Çavuşoğlu Pakistan Dışişleri Bakanı Hoca Muhammed Asıf ile ortak basın toplantısı düzenledi. Toplantıda açıklamalarının ardından basın mensuplarının sorularını yanıtlayan Çavuşoğlu, Alman Dışişleri Bakanı Sigmar Gabriel ve Almanya Başbakanı Angela Merkel’in "Türkiye’ye silah satışına" yönelik farklı açıklamalarının sorulması üzerine şu ifadeleri kullandı: "Türkiye olmasaydı Alman siyasetçiler herhalde kampanyada malzeme bulmakta zorlanacaktı. Sanki seçim Türkiye hakkında ya da Türkiye’de yapılıyor.
MİLİ SAVUNMA SANAYİ GÜÇLENİYOR
Oysa Almanya’nın ve Avrupa’nın başka konuları da var. Eminim Alman halkının da siyasetçilerden başka beklentileri var. "Kötü komşu insanı ev sahibi yapar" diye bir atasözü var. Bu tür yaklaşımlar esasen bizim kendi milli savunma sanayimizin güçlenmesine vesile oluyor. Bu anlamda yerli ve milli üretimi artırıyoruz her alanda. Kendi savaş uçağımızı helikopterimizi üretiyoruz.
Türkiye hiç bir zaman çaresiz değildir. Dışişleri bakanının esas görevi tüm imkanlarını ikili ilişkilerini geliştirmektir. Zor şartlarda dışişleri bakanlarına önemli görevler düşüyor. Almanya ve yaklaşımını eleştirdik. Almanya ile ilişkilerimizin kötü olmasından ne fayda elde ederiz? Ama Almanya Türkiye’den ne istiyor bunu anlamakta zorlanıyoruz. Bu seçim atmosferinde dostum Sigmar Gabriel’in bu yaklaşımını bir Dışişleri Bakanı’na yakışan yaklaşım olarak değerlendiremiyoruz. Bu panik içinde Türkiye’ye saldırarak oy alacağını düşünüyorsa bunu zaten yapan ırkçı PKK yanlısı partiler var. bence buradan birşey elde edemez.
MERKEL'İN YAKLAŞIMI DAHA OLGUN
Merkel’in bu yaklaşımını doğru buluyoruz. Daha olgun buluyoruz. Seçim atmosferinde bile sağduyulu davranmak hepimizin görevidir. Seçimler geçer dostluk kalıcıdır.
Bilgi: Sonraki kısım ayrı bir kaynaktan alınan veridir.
(* Let $H$ be a connected graph with a pendant vertex $w$, and let $G$ be the graph formed from $H$ by adding two new vertices $u$ and $v$ which are adjacent to $w$ and to each other but have no other neighbors. If $\overline{H}$ has an orthogonal vector representation in $\mathbb{R}^3$ consisting of pairwise linearly independent vectors, then so does $\overline{G}$.
   Context: All graphs are finite and simple; $\overline{G}$ denotes the complement of $G$. A pendant vertex is a vertex of degree 1. An orthogonal vector representation of a graph $G=(V,E)$ in $\mathbb{R}^d$ is a map $\phi:V\to\mathbb{R}^d$ with $\phi(v)\neq 0$ for all $v$, and for distinct $u,v$: $\langle\phi(u),\phi(v)\rangle=0$ if and only if $uv\notin E$. *)

From HB Require Import structures.
From mathcomp Require Import all_boot all_order all_algebra.
From mathcomp Require Import reals.
Set Implicit Arguments. Unset Strict Implicit. Unset Printing Implicit Defensive.
Import Order.TTheory GRing.Theory Num.Theory.
Local Open Scope ring_scope.

Definition simple_graph (T : finType) (e : rel T) : Prop :=
  symmetric e /\ irreflexive e.

Definition compl_graph (T : finType) (e : rel T) : rel T :=
  fun x y => (x != y) && ~~ e x y.

Definition connected_graph (T : finType) (e : rel T) : Prop :=
  forall x y : T, connect e x y.

Definition pendant (T : finType) (e : rel T) (w : T) : Prop :=
  #|[pred y | e w y]| = 1%N.

(* G built from H by adding u := inr true, v := inr false,
   both adjacent to w and to each other, and to nothing else. *)
Definition add_triangle (T : finType) (e : rel T) (w : T) : rel (T + bool) :=
  fun a b => match a, b with
  | inl x, inl y => e x y
  | inl x, inr _ => x == w
  | inr _, inl y => y == w
  | inr b1, inr b2 => b1 != b2
  end.

Definition dot3 (R : realType) (x y : 'rV[R]_3) : R := \sum_(i < 3) x 0 i * y 0 i.

Definition orth_rep3 (R : realType) (T : finType) (e : rel T) (phi : T -> 'rV[R]_3) : Prop :=
  (forall x, phi x != 0) /\
  (forall x y, x != y -> (dot3 (phi x) (phi y) == 0) = ~~ e x y).

Definition pairwise_lin_indep (R : realType) (T : finType) (phi : T -> 'rV[R]_3) : Prop :=
  forall x y, x != y -> free [:: phi x; phi y].

(* In the complement of G, u and v are adjacent to all vertices of H except w, and
   not to each other: their vectors must be orthogonal to each other and to the
   vector a of w, and to no other vector of the representation. Complete a to an
   orthogonal basis a, p, q of R^3. A vector b off the line of a has a nonzero
   projection on the plane of p and q, i.e. (b.p, b.q) <> (0, 0), so u = p + t q and
   v = t |q|^2 p - |p|^2 q, which are orthogonal, avoid every such b once t is large.
   Each pair of vectors is independent because some vector is orthogonal to one
   member of the pair but not to the other. *)

From HB Require Import structures.
From mathcomp Require Import all_boot all_order all_algebra.
From mathcomp Require Import reals.
From mathcomp Require Import ring lra.
Set Implicit Arguments. Unset Strict Implicit. Unset Printing Implicit Defensive.
Import Order.TTheory GRing.Theory Num.Theory.
Local Open Scope ring_scope.

Section DotProduct.
Variable R : realFieldType.

Definition dotmx n (x y : 'rV[R]_n) : R := \sum_(i < n) x 0 i * y 0 i.
Definition orthmx n (x y : 'rV[R]_n) : bool := dotmx x y == 0.
Arguments orthmx {n}.

Section FixedDimension.
Variable n : nat.
Implicit Types x y z : 'rV[R]_n.

Lemma dotmxC x y : dotmx x y = dotmx y x.
Proof. by apply: eq_bigr => i _; rewrite mulrC. Qed.

Lemma orthmxC x y : orthmx x y = orthmx y x.
Proof. by rewrite /orthmx dotmxC. Qed.

Lemma dotmxDl x y z : dotmx (x + y) z = dotmx x z + dotmx y z.
Proof. by rewrite -big_split; apply: eq_bigr => i _; rewrite mxE mulrDl. Qed.

Lemma dotmxZl a x y : dotmx (a *: x) y = a * dotmx x y.
Proof. by rewrite mulr_sumr; apply: eq_bigr => i _; rewrite mxE mulrA. Qed.

Lemma dotmxBl x y z : dotmx (x - y) z = dotmx x z - dotmx y z.
Proof. by rewrite dotmxDl -scaleN1r dotmxZl mulN1r. Qed.

Lemma dotmx0l y : dotmx 0 y = 0.
Proof. by rewrite /dotmx big1 // => i _; rewrite mxE mul0r. Qed.

Lemma dotmx_suml I r (P : pred I) (F : I -> 'rV[R]_n) y :
  dotmx (\sum_(i <- r | P i) F i) y = \sum_(i <- r | P i) dotmx (F i) y.
Proof. by elim/big_rec2: _ => [|i a u _ <-]; rewrite ?dotmx0l ?dotmxDl. Qed.

Lemma dotmx_eq0 x : (dotmx x x == 0) = (x == 0).
Proof.
apply/idP/eqP => [|->]; last by rewrite dotmx0l.
rewrite psumr_eq0 => [/allP x0|i _]; last by rewrite -expr2 sqr_ge0.
by apply/rowP => i; have := x0 i (mem_index_enum i); rewrite mulf_eq0 orbb mxE => /eqP.
Qed.

Lemma orthmx_self x : orthmx x x = (x == 0).
Proof. exact: dotmx_eq0. Qed.

Lemma orthogonal_free (s : seq 'rV[R]_n) : 0 \notin s -> pairwise orthmx s -> free s.
Proof.
elim: s => [|x s IHs]; first by rewrite nil_free.
rewrite inE negb_or eq_sym free_cons /= => /andP[x0 s0] /andP[/allP xs /(IHs s0)->].
rewrite andbT; apply: contra x0 => /(@coord_span _ _ _ (in_tuple s)) x_span.
rewrite -orthmx_self /orthmx {1}x_span dotmx_suml big1 // => i _.
by rewrite dotmxZl dotmxC (eqP (xs _ (mem_nth 0 _))) ?mulr0.
Qed.

Lemma size_free_le (s : seq 'rV[R]_n) : free s -> (size s <= n)%N.
Proof. by move/eqP <-; rewrite (leq_trans (dimvS (subvf _))) // dimvf /dim /= mul1n. Qed.

Lemma exists_orthogonal (s : seq 'rV[R]_n) :
  (size s < n)%N -> exists2 v, v != 0 & all (orthmx v) s.
Proof.
move=> lt_s_n; pose A := \matrix_(i < size s) s`_i.
exists (nz_row (kermx A^T)).
  rewrite nz_row_eq0 -mxrank_eq0 mxrank_ker -lt0n subn_gt0.
  exact: leq_ltn_trans (rank_leq_col _) lt_s_n.
have /sub_kermxP vA0 := nz_row_sub (kermx A^T).
apply/(all_nthP 0) => i lt_i_s; apply/eqP.
move/rowP/(_ (Ordinal lt_i_s)): vA0; rewrite !mxE => <-.
by apply: eq_bigr => j _; rewrite !mxE.
Qed.

Lemma free_pair_witness x y z : y != 0 -> orthmx y z -> ~~ orthmx x z -> free [:: x; y].
Proof.
move=> y0 yz; rewrite free_cons seq1_free y0 andbT span_seq1.
by apply: contra => /vlineP[k ->]; rewrite /orthmx dotmxZl (eqP yz) mulr0.
Qed.

Lemma dotmx_neq0l x y : dotmx x y != 0 -> x != 0.
Proof. by apply: contraNneq => ->; rewrite dotmx0l. Qed.

End FixedDimension.

(* Otherwise the component [r] of [b] orthogonal to [a] would extend [a :: s] to
   [n + 2] pairwise orthogonal nonzero vectors. *)
Lemma orthogonal_line n (a b : 'rV[R]_n.+1) (s : seq 'rV[R]_n.+1) :
  size s = n -> 0 \notin a :: s -> pairwise orthmx (a :: s) -> all (orthmx b) s ->
  (b \in <[a]>)%VS.
Proof.
move=> size_s nz_as /= /andP[orth_as orth_s] /allP orth_bs.
have a0 : a != 0 by move: nz_as; rewrite inE negb_or eq_sym => /andP[].
pose c := dotmx b a / dotmx a a; pose r := b - c *: a.
suff r0 : r == 0 by apply/vlineP; exists c; apply/eqP; rewrite -subr_eq0.
apply/negPn/negP => r0.
suff /size_free_le : free [:: r, a & s] by rewrite /= size_s ltnn.
apply: orthogonal_free; first by rewrite inE negb_or eq_sym r0.
rewrite /= orth_as orth_s !andbT; apply/andP; split.
  by rewrite /orthmx dotmxBl dotmxZl divfK ?dotmx_eq0 // subrr.
apply/allP => y sy; move/allP/(_ y sy): orth_as.
by rewrite /orthmx dotmxBl dotmxZl (eqP (orth_bs y sy)) => /eqP->; rewrite mulr0 subrr.
Qed.

Lemma exists_common_nonroot (I : finType) (P : pred I) (f g : I -> R) :
  (forall i, P i -> (f i != 0) || (g i != 0)) ->
  exists t, forall i, P i -> f i + t * g i != 0.
Proof.
move=> nz_fg; pose t := 1 + \sum_i `|f i| / `|g i|.
exists t => i Pi.
have t_gt : `|f i| / `|g i| < t.
  rewrite /t (bigD1 i) //=.
  have : 0 <= \sum_(j | j != i) `|f j| / `|g j|.
    by apply: sumr_ge0 => j _; rewrite divr_ge0.
  lra.
have t_gt0 : 0 < t by apply: le_lt_trans t_gt; rewrite divr_ge0.
have [g0 | g0] := eqVneq (g i) 0.
  by move: (nz_fg i Pi); rewrite g0 eqxx orbF mulr0 addr0.
apply: contraTneq t_gt => /eqP; rewrite addr_eq0 => /eqP->.
by rewrite normrN normrM (gtr0_norm t_gt0) mulfK ?normr_eq0 // ltxx.
Qed.

Lemma exists_orthogonal_pair_avoiding (I : finType) (P : pred I) (a : 'rV[R]_3)
    (b : I -> 'rV[R]_3) :
  a != 0 -> (forall i, P i -> b i \notin <[a]>%VS) ->
  exists u v, [/\ u != 0, v != 0, orthmx u v, orthmx u a & orthmx v a] /\
    forall i, P i -> ~~ orthmx u (b i) && ~~ orthmx v (b i).
Proof.
move=> a0 b_notin.
have [p p0 /andP[pa _]] := exists_orthogonal (s := [:: a]) isT.
have [q q0 /and3P[qa qp _]] := exists_orthogonal (s := [:: a; p]) isT.
have b_pq i : P i -> ~~ orthmx p (b i) || ~~ orthmx q (b i).
  move=> Pi; rewrite -negb_and; apply: contra (b_notin i Pi) => /andP[pb qb].
  apply: (orthogonal_line (s := [:: p; q])) => //.
    by rewrite !inE !(eq_sym 0) (negbTE a0) (negbTE p0) (negbTE q0).
  by rewrite /= orthmxC pa orthmxC qa orthmxC qp.
  by rewrite /= orthmxC pb orthmxC qb.
pose c := dotmx q q; pose d := dotmx p p.
have c0 : c != 0 by rewrite dotmx_eq0.
have d0 : d != 0 by rewrite dotmx_eq0.
(* For [u = p + t q] and [v = t c p - d q], the products [u . b i] and [v . b i] are
   [f (i, true) + t g (i, true)] and [f (i, false) + t g (i, false)]. *)
pose f (ib : I * bool) := if ib.2 then dotmx p (b ib.1) else - (d * dotmx q (b ib.1)).
pose g (ib : I * bool) := if ib.2 then dotmx q (b ib.1) else c * dotmx p (b ib.1).
have [|t t_ok] := @exists_common_nonroot _ (fun ib => P ib.1) f g.
  case=> i [] /= Pi; have := b_pq i Pi; rewrite /f /g /orthmx //= oppr_eq0.
  by case/orP=> nz; [rewrite orbC|]; rewrite mulf_neq0.
have pq : dotmx p q = 0 by rewrite dotmxC; apply/eqP.
have dot_u y : dotmx (p + t *: q) y = dotmx p y + t * dotmx q y.
  by rewrite dotmxDl dotmxZl.
have dot_v y : dotmx ((t * c) *: p - d *: q) y = - (d * dotmx q y) + t * (c * dotmx p y).
  by rewrite dotmxBl !dotmxZl mulrA addrC.
exists (p + t *: q), ((t * c) *: p - d *: q); split; first split.
- by apply: (@dotmx_neq0l _ _ p); rewrite dot_u dotmxC pq mulr0 addr0.
- by apply: (@dotmx_neq0l _ _ q); rewrite dot_v pq !mulr0 addr0 oppr_eq0 mulf_neq0.
- rewrite /orthmx dot_u (dotmxC p) (dotmxC q) !dot_v (dotmxC q p) pq -/c -/d.
  by apply/eqP; ring.
- by rewrite /orthmx dot_u (eqP pa) (eqP qa) mulr0 addr0.
- by rewrite /orthmx dot_v (eqP pa) (eqP qa) !mulr0 oppr0 addr0.
move=> i Pi; have := t_ok (i, true) Pi; have := t_ok (i, false) Pi.
by rewrite /orthmx dot_u dot_v /f /g /= => -> ->.
Qed.

End DotProduct.

Lemma orthmx_dot3 (R : realType) (x y : 'rV[R]_3) : orthmx x y = (dot3 x y == 0).
Proof. by []. Qed.

Section TriangleExtension.
Variables (R : realType) (T : finType) (e : rel T) (w : T).
Variables (phi : T -> 'rV[R]_3) (u v : 'rV[R]_3).
Hypotheses (phi_rep : orth_rep3 (compl_graph e) phi) (phi_indep : pairwise_lin_indep phi).
Hypotheses (u0 : u != 0) (v0 : v != 0) (uv : orthmx u v).
Hypotheses (u_w : orthmx u (phi w)) (v_w : orthmx v (phi w)).
Hypothesis uv_phi : forall x, x != w -> ~~ orthmx u (phi x) && ~~ orthmx v (phi x).

Definition triangle_rep (s : T + bool) : 'rV[R]_3 :=
  match s with inl x => phi x | inr true => u | inr false => v end.

Let inr_neq0 b : triangle_rep (inr b) != 0.
Proof. by case: b. Qed.

Let inr_orth b : orthmx (triangle_rep (inr b)) (triangle_rep (inr (~~ b))).
Proof. by case: b; rewrite //= orthmxC. Qed.

Let inr_orth_phi b x : orthmx (triangle_rep (inr b)) (phi x) = (x == w).
Proof.
have [->|xw] := eqVneq x w; first by case: b => /=.
by have /andP[/negbTE u_x /negbTE v_x] := uv_phi xw; case: b.
Qed.

Lemma triangle_rep_orth : orth_rep3 (compl_graph (add_triangle e w)) triangle_rep.
Proof.
case: phi_rep => phi0 phi_orth; split=> [[x|b] |s s' ne_ss']; [exact: phi0 | exact: inr_neq0|].
rewrite /compl_graph ne_ss' negbK -orthmx_dot3.
case: s s' ne_ss' => [x|b] [y|b'] //= ne.
- by rewrite orthmx_dot3 phi_orth // /compl_graph ne negbK.
- by rewrite orthmxC inr_orth_phi.
- by rewrite inr_orth_phi.
- by case: b b' ne => -[] //; rewrite orthmxC.
Qed.

Lemma triangle_rep_indep : pairwise_lin_indep triangle_rep.
Proof.
case: phi_rep => phi0 _.
have old_new x b : free [:: phi x; triangle_rep (inr b)].
  have [->|xw] := eqVneq x w.
    apply: (free_pair_witness (z := phi w)) => //; first by case: b.
    by rewrite orthmx_self phi0.
  apply: (free_pair_witness (z := triangle_rep (inr (~~ b)))) => //.
  by rewrite orthmxC inr_orth_phi (negbTE xw).
case=> [x|b] [y|b'] ne.
- by apply: phi_indep; apply: contraNneq ne => ->.
- exact: old_new.
- by rewrite (perm_free (introT permPl (perm_catC [:: _] [:: _]))) old_new.
- have -> : b' = ~~ b by case: b b' ne => -[].
  apply: (free_pair_witness (z := triangle_rep (inr b))); first exact: inr_neq0.
    by rewrite orthmxC.
  by rewrite orthmx_self.
Qed.

End TriangleExtension.

Theorem lemma4p6 (R : realType) (T : finType) (e : rel T) (w : T) :
  simple_graph e -> connected_graph e -> pendant e w ->
  (exists phi : T -> 'rV[R]_3,
     orth_rep3 (compl_graph e) phi /\ pairwise_lin_indep phi) ->
  exists psi : T + bool -> 'rV[R]_3,
     orth_rep3 (compl_graph (add_triangle e w)) psi /\ pairwise_lin_indep psi.
Proof.
move=> _ _ _ [phi [phi_rep phi_indep]]; have [phi0 _] := phi_rep.
have phi_notin x : x != w -> phi x \notin <[phi w]>%VS.
  by move=> xw; have := phi_indep x w xw; rewrite free_cons span_seq1 => /andP[].
have [u [v [[u0 v0 uv u_w v_w] uv_phi]]] :=
  exists_orthogonal_pair_avoiding (phi0 w) phi_notin.
exists (triangle_rep phi u v); split.
- exact: triangle_rep_orth phi_rep u0 v0 uv u_w v_w uv_phi.
- exact: triangle_rep_indep phi_rep phi_indep u0 v0 uv u_w v_w uv_phi.
Qed.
Almanya’nın Türkiye’ye karşı yaklaşımını değiştirmesini bekliyoruz. Tehditle şantajla, baskıyla Türkiye’den bir sonuç elde edilmez.
BANA BİZZAT SORDU
Gabriel Malta’da da bana söyledi, bazı dostlarımıza da söylüyor ’Biz Türkiye’ye karşı ciddi hatalar yaptık ve bu hataları düzeltmek için hangi adımları atmamız lazım.’ Bana bizzat sordu ben de kendisine tek taraflı atılan adımlar kalıcı olmaz. Gel birlikte adımlar atalım siz bir adım atarsanız bize yönelik biz size iki ÿadım atarız. İçinde bulundukları şartları biliyoruz anlıyoruz ama Türkiye’ye saldırarak bu şartlardan kurtulmaları da mümkün değil. "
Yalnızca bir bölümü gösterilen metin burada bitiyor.